Who says communism is dead in Bengal?

Is Mamata Banerjee more communist than the communists she is expected to dislodge?

The rabble-rousing street-fighting Trinamool Congress leader is poised to near-singlehandedly unseat the party which has ruled West Bengal state for 34 years without a break. All exit polls point to a rout when ballots are counted on Friday - anything less will be a major loss of face for polling agencies and journalists.

Supporters of the tireless Ms Banerjee - and vast sections of the media who love her earthy charisma - say she has led a remarkably spartan lifestyle by the standards of Indian politicians. Ms Banerjee lives in a modest two-storey house near a stinking canal in a rundown, lower middle-class Calcutta neighbourhood, and dresses and eats simply.

She has been a "super-inclusive politician", gaining the support of peasants, intellectuals, the urban jobless and the working class - precisely the alliance the communists managed to forge before their hold on power began unravelling a few years ago.
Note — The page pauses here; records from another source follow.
Lemma Vpi_le_value_mu pi h : valid_hpolicy pi ->
  reachable rho P h -> htime h = t ->
  (Vpi rho P r gamma pi h <= (gamma ^+ t * (W h + G))%:E)%E.
Proof.
move=> pi_valid hR ht; have [C W_le] := value_mu_bounded.
rewrite -ht.
apply: (Vpi_le_of_partial_return (c := C) rho_ge0 P_ge0 gamma01 r_ge0 pi_valid).
move=> n.
apply: le_trans (partial_return_le rho_ge0 P_ge0 P_sum1 gamma01 pi_valid W_le
  (policy_step_le pi_valid) n hR _) _; first by rewrite ht.
by rewrite lerD2r lerD2l ht.
Qed.

Lemma Vpi_greedy_ge h : reachable rho P h -> htime h = t ->
  ((gamma ^+ t * (W h - G))%:E
     <= Vpi rho P r gamma (pi_vec R phi z0 a0 L pimu) h)%E.
Proof.
move=> hR ht; have [C W_le] := value_mu_bounded.
have pi_valid := pi_vec_valid R phi z0 a0 L pimu.
rewrite -ht.
apply: (Vpi_ge_of_partial_return (c := C) rho_ge0 P_ge0 gamma01 r_ge0 pi_valid).
move=> n.
have := partial_return_ge rho_ge0 P_ge0 P_sum1 gamma01 pi_valid W_le
  greedy_step_ge n hR.
rewrite ht leqnn => /(_ isT); have := err_sum_le n; lra.
Qed.

Lemma value_gap_le h : reachable rho P h -> htime h = t ->
  (Vstar rho P r gamma h - Vpi rho P r gamma (pi_vec R phi z0 a0 L pimu) h
     <= (2 * G)%:E)%E.
Proof.
move=> hR ht; have G_ge0 : 0 <= G by have := err_sum_le 0; rewrite big_ord0.
have Vstar_le : (Vstar rho P r gamma h <= (gamma ^+ t * (W h + G))%:E)%E.
  by apply: ge_ereal_sup => _ [pi pi_valid <-]; exact: Vpi_le_value_mu.
apply: le_trans (leeB Vstar_le (Vpi_greedy_ge hR ht)) _.
rewrite -EFinB lee_fin.
have /andP[g_ge0 g_lt1] := gamma01.
have gt_le1 : gamma ^+ t <= 1 by rewrite exprn_ile1 // ltW.
have gt_ge0 : 0 <= gamma ^+ t by rewrite exprn_ge0.
nra.
Qed.

End ApproximateBellman.

Lemma sum_next_agent_state_law (R : realType) (S A Y Z : finType)
    (rho : S -> Y -> R) (P : S -> Y -> S -> A -> R) (phi : Z -> Y -> A -> Z)
    z0 a0 (h : hist A Y) (a : A) (f : Z -> R) :
  \sum_z f z * next_agent_state_law rho P phi z0 a0 h a z =
  \sum_y pred_obs rho P h a y * f (phi (agent_state phi z0 a0 h) y a).
Proof.
rewrite /next_agent_state_law; under eq_bigr do rewrite mulr_sumr.
rewrite exchange_big /=; apply: eq_bigr => y _.
under eq_bigr do rewrite mulrCA; rewrite -mulr_sumr; congr (_ * _).
by under eq_bigr do rewrite mulrC; exact: sum_indicator.
Qed.

Lemma Vpi_gamma0 (R : realType) (S A Y : finType) (rho : S -> Y -> R)
    (P : S -> Y -> S -> A -> R) (r : S -> A -> R) (pi : hpolicy R A Y) h :
  Vpi rho P r 0 pi h = 0%E.
Proof. by rewrite /Vpi eseries0 // => k _ _; rewrite expr0n addSn mul0r. Qed.

Section ErrorTerms.
Variables (R : realType) (S A Y Z : finType).
Variables (rho : S -> Y -> R) (P : S -> Y -> S -> A -> R) (r : S -> A -> R).
Variables (gamma : R) (phi : Z -> Y -> A -> Z) (z0 : Z) (a0 : A) (L : nat).
Variables (zeta : nat -> S -> Y -> Z -> A -> R) (Q : nat -> Z -> A -> R).
Variables (pimu : nat -> Z -> A) (F : set (Z -> R)).
Hypothesis rho_ge0 : forall s y, 0 <= rho s y.
Hypothesis P_ge0 : forall s' y s a, 0 <= P s' y s a.
Hypothesis P_sum1 : forall s a, \sum_y \sum_s' P s' y s a = 1.
Hypothesis r_ge0 : forall s a, 0 <= r s a.
Hypothesis gamma01 : 0 <= gamma < 1.
Hypothesis L_gt0 : (0 < L)%N.
Hypothesis r_mu_cond : forall l, (l < L)%N -> forall z a,
  r_mu r (zeta l) z a = \sum_s r s a * zeta_cond_za (zeta l) s z a.
Hypothesis Q_bellman : forall l, (l < L)%N -> forall z a,
  Q l z a = r_mu r (zeta l) z a +
    gamma * \sum_z' P_mu P phi (zeta l) z' z a
              * max_act (Q ((l + 1) %% L)%N z').
Hypothesis pimu_max : forall l, (l < L)%N -> forall z,
  Q l z (pimu l z) = max_act (Q l z).

Local Notation sigma := (agent_state phi z0 a0).
Local Notation eps_err := (eps_err rho P r phi z0 a0 L zeta).
Local Notation delta_err := (delta_err rho P phi z0 a0 L zeta F).

Lemma bellman_residual_le_err h a t : reachable rho P h ->
  (t <= htime h)%N -> (htime h %% L = t %% L)%N ->
  ((`|bellman_residual rho P r gamma phi z0 a0 L Q h a|)%:E <=
   eps_err (t %% L) t + gamma%:E *
     mul_inf (delta_err (t %% L) t) (minkowski_F F (value_mu L Q (t + 1))))%E.
Proof.
move=> hR ht h_mod; have lL : (t %% L < L)%N := ltn_pmod t L_gt0.
have next_mod : ((htime h).+1 %% L = (t + 1) %% L)%N.
  by rewrite -addn1 -modnDml h_mod modnDml.
have eps_le : ((`|exp_reward rho P r h a - r_mu r (zeta (t %% L)) (sigma h) a|)%:E
                <= eps_err (t %% L) t)%E.
  by apply: ereal_sup_ubound; exists h, a; split; rewrite // r_mu_cond.
have delta_le : (ipm_F F (next_agent_state_law rho P phi z0 a0 h a)
    (fun z' => P_mu P phi (zeta (t %% L)) z' (sigma h) a)
    <= delta_err (t %% L) t)%E.
  by apply: ereal_sup_ubound; exists h, a.
have := ipm_minkowski_le (value_mu L Q (t + 1)) delta_le.
rewrite sum_next_agent_state_law /bellman_residual h_mod Q_bellman //.
have -> : value_mu L Q (htime h).+1 = value_mu L Q (t + 1).
  by apply/funext => z; rewrite /value_mu next_mod.
set B := \sum_y _; set B' := \sum_z _ * _; set B'' := \sum_z' _ * _.
have -> : B'' = B' by apply: eq_bigr => z _; rewrite /value_mu modnDml mulrC.
move=> ipm_le; set x := exp_reward _ _ _ _ _; set x' := r_mu _ _ _ _.
have g_ge0 : 0 <= gamma by case/andP: gamma01.
apply: le_trans (leeD eps_le (lee_wpmul2l _ ipm_le)); last by rewrite lee_fin.
rewrite -EFinM -EFinD lee_fin.
rewrite (_ : _ - _ = x - x' + gamma * (B - B')); last by ring.
by rewrite (le_trans (ler_normD _ _)) // normrM ger0_norm.
Qed.

Definition err_term (t l : nat) : \bar R :=
  eps_err ((t + l) %% L) (t + l) + gamma%:E *
    mul_inf (delta_err ((t + l) %% L) (t + l))
            (minkowski_F F (value_mu L Q (t + l + 1))).

Lemma err_term_ge0 t l : (exists h, reachable rho P h /\ htime h = (t + l)%N) ->
  (0 <= err_term t l)%E.
Proof.
move=> [h [hR ht]]; have g_ge0 : 0 <= gamma by case/andP: gamma01.
have h_err : [/\ (t + l <= htime h)%N, (htime h %% L = (t + l) %% L)%N
  & reachable rho P h] by rewrite ht.
apply: adde_ge0; last apply: mule_ge0; rewrite ?lee_fin //.
  apply: le_ereal_sup_tmp; exists (`|exp_reward rho P r h a0 -
    \sum_s r s a0 * zeta_cond_za (zeta ((t + l) %% L)) s (sigma h) a0|)%:E => //.
  by exists h, a0; case: h_err.
apply: mul_inf_minkowski_ge0 => -[g Fg]; apply: le_ereal_sup_tmp.
exists (ipm_F F (next_agent_state_law rho P phi z0 a0 h a0)
   (fun z' => P_mu P phi (zeta ((t + l) %% L)) z' (sigma h) a0)).
  by exists h, a0; case: h_err.
exact: ipm_F_ge0 Fg.
Qed.

Lemma bellman_residual_le_err_term t h a :
  reachable rho P h -> (t <= htime h)%N ->
  ((`|bellman_residual rho P r gamma phi z0 a0 L Q h a|)%:E
     <= err_term t ((htime h - t) %% L))%E.
Proof.
move=> hR ht; have tl_le : (t + (htime h - t) %% L <= htime h)%N.
  by rewrite -[leqRHS](subnKC ht) leq_add2l leq_mod.
apply: bellman_residual_le_err => //.
by rewrite modnDmr subnKC.
Qed.

Lemma value_gap_le_err_terms t h : reachable rho P h -> htime h = t ->
  (forall l : 'I_L, err_term t l \is a fin_num) ->
  (Vstar rho P r gamma h - Vpi rho P r gamma (pi_vec R phi z0 a0 L pimu) h <=
   (2 / (1 - gamma ^+ L) * \sum_(l < L) gamma ^+ l * fine (err_term t l))%:E)%E.
Proof.
move=> hR ht err_fin.
pose E l := fine (err_term t l); pose e tau := E ((tau - t) %% L)%N.
have E_ge0 l : 0 <= E l.
  by apply/fine_ge0/err_term_ge0; rewrite -ht; exact: reachable_extend.
have residual_le h' a : reachable rho P h' -> (t <= htime h')%N ->
    `|bellman_residual rho P r gamma phi z0 a0 L Q h' a| <= e (htime h').
  move=> h'R h't; rewrite -lee_fin /e /E fineK.
    exact: bellman_residual_le_err_term.
  exact: (err_fin (Ordinal (ltn_pmod _ L_gt0))).
have err_sum_le n : \sum_(j < n) gamma ^+ j * e (t + j)%N
    <= (\sum_(l < L) gamma ^+ l * E l) / (1 - gamma ^+ L).
  under eq_bigr do rewrite /e addKn.
  by apply: periodic_geometric_sum_le => // l _.
rewrite mulrAC -mulrA.
exact: (value_gap_le rho_ge0 P_ge0 P_sum1 r_ge0 gamma01 L_gt0 pimu_max
  residual_le err_sum_le hR ht).
Qed.

Lemma value_gap_le_err_bound t h : reachable rho P h -> htime h = t ->
  (Vstar rho P r gamma h - Vpi rho P r gamma (pi_vec R phi z0 a0 L pimu) h <=
   (2 / (1 - gamma ^+ L))%:E * \sum_(l < L) (gamma ^+ l)%:E * err_term t l)%E.
Proof.
move=> hR ht; have /andP[g_ge0 g_lt1] := gamma01.
have err_ge0 l : (0 <= err_term t l)%E.
  by apply: err_term_ge0; rewrite -ht; exact: reachable_extend.
have [gamma0|gamma_neq0] := eqVneq gamma 0.
  apply: (@le_trans _ _ 0%E).
    rewrite gamma0 Vpi_gamma0 sube0; apply: ge_ereal_sup => _ [pi _ <-].
    by rewrite Vpi_gamma0.
  apply: mule_ge0.
    by rewrite lee_fin divr_ge0 // subr_ge0 exprn_ile1 // ltW.
  by apply: sume_ge0 => l _; rewrite mule_ge0 // lee_fin exprn_ge0.
have gamma_gt0 : 0 < gamma by rewrite lt_neqAle eq_sym gamma_neq0.
apply: lee_psum_fin => // [|l|err_fin]; last exact: value_gap_le_err_terms.
  by rewrite divr_gt0 // subr_gt0 exprn_ilt1 // -lt0n.
exact: exprn_gt0.
Qed.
During protests over the Tata Nano in 2008, Ms Banerjee struck to her guns, demanding that land acquired for a factory to make the world's cheapest car be returned to farmers. The row forced the Tatas to move production out of West Bengal and make the car elsewhere.

Ms Banerjee's war cry - vote for 'Ma-Mati-Manush' (Mother, Land, People) - is primordial in a way the communists would love. Her aim has been to outdo the communists in their rhetoric and ideology, say analysts.

Trinamool Congress leaders have been pushing her left-wing credentials. One of them openly declared in a TV debate that Ms Banerjee was the "actual communist". A party candidate calls her the "only true Marxist in Bengal now". He blamed the Communist Party for supping with the bourgeoisie, a label which still thrives on the street corners and in the coffee houses of Calcutta. Even Ms Banerjee said on her 200-meeting poll campaign that all communists were not bad, "only some were".

So is Ms Banerjee the "Real Red", as a friend calls her? The dividing line between populism and communism, many say, can sometimes be very thin. The Communist Party might get a temporary burial in West Bengal after the results tomorrow. But is communism dead? Even Ms Banerjee may beg to differ.